## Working data

= Beginning of Section =

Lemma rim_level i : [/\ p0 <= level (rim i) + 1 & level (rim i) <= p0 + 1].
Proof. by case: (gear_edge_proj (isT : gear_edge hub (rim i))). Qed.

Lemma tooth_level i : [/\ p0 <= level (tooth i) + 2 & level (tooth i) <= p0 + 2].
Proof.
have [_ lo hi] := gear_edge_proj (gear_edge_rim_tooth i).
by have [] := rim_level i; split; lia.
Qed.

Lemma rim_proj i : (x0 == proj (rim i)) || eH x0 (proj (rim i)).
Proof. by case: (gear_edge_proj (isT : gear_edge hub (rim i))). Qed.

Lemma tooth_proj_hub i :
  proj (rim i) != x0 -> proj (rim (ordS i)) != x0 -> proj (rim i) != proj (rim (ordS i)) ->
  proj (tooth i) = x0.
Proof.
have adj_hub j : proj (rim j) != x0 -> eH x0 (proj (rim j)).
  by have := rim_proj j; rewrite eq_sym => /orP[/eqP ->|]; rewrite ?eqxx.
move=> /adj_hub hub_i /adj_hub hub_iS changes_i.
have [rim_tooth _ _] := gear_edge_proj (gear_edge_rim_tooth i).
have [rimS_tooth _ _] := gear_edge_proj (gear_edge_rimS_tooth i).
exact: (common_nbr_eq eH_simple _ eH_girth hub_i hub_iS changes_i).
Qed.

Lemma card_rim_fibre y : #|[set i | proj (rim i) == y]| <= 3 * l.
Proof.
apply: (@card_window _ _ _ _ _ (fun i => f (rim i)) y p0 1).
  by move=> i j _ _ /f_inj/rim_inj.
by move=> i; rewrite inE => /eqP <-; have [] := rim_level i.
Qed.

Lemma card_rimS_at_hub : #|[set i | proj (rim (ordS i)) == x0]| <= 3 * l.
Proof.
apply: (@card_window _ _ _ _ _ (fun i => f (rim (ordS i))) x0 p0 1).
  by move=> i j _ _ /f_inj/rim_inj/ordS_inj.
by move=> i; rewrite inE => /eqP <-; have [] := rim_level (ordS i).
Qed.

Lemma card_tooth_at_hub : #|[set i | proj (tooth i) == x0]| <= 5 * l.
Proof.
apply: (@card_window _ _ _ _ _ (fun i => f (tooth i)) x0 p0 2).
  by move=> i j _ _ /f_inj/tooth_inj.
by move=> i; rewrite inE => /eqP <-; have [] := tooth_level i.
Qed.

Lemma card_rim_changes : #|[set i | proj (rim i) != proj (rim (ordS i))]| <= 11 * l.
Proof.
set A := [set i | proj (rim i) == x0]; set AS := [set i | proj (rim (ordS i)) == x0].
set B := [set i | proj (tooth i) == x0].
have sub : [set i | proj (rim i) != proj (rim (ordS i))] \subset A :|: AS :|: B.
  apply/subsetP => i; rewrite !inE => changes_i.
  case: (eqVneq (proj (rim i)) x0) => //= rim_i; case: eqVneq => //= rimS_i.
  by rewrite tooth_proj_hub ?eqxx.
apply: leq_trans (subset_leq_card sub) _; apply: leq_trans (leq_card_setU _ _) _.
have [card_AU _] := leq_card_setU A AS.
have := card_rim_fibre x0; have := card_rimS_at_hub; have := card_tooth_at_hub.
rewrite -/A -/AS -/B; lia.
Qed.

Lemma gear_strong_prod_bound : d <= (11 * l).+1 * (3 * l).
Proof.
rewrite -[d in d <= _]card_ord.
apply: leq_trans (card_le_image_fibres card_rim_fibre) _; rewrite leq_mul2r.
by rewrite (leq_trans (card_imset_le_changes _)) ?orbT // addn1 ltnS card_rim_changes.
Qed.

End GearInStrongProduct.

= End of Section =

## What to work on
Output an exact copy of the lines beginning at the one that holds "apply: leq_trans (card_le_image_fibres" and running through the final line of the records.

## Response for this exercise
apply: leq_trans (card_le_image_fibres card_rim_fibre) _; rewrite leq_mul2r.
by rewrite (leq_trans (card_imset_le_changes _)) ?orbT // addn1 ltnS card_rim_changes.
Qed.

End GearInStrongProduct.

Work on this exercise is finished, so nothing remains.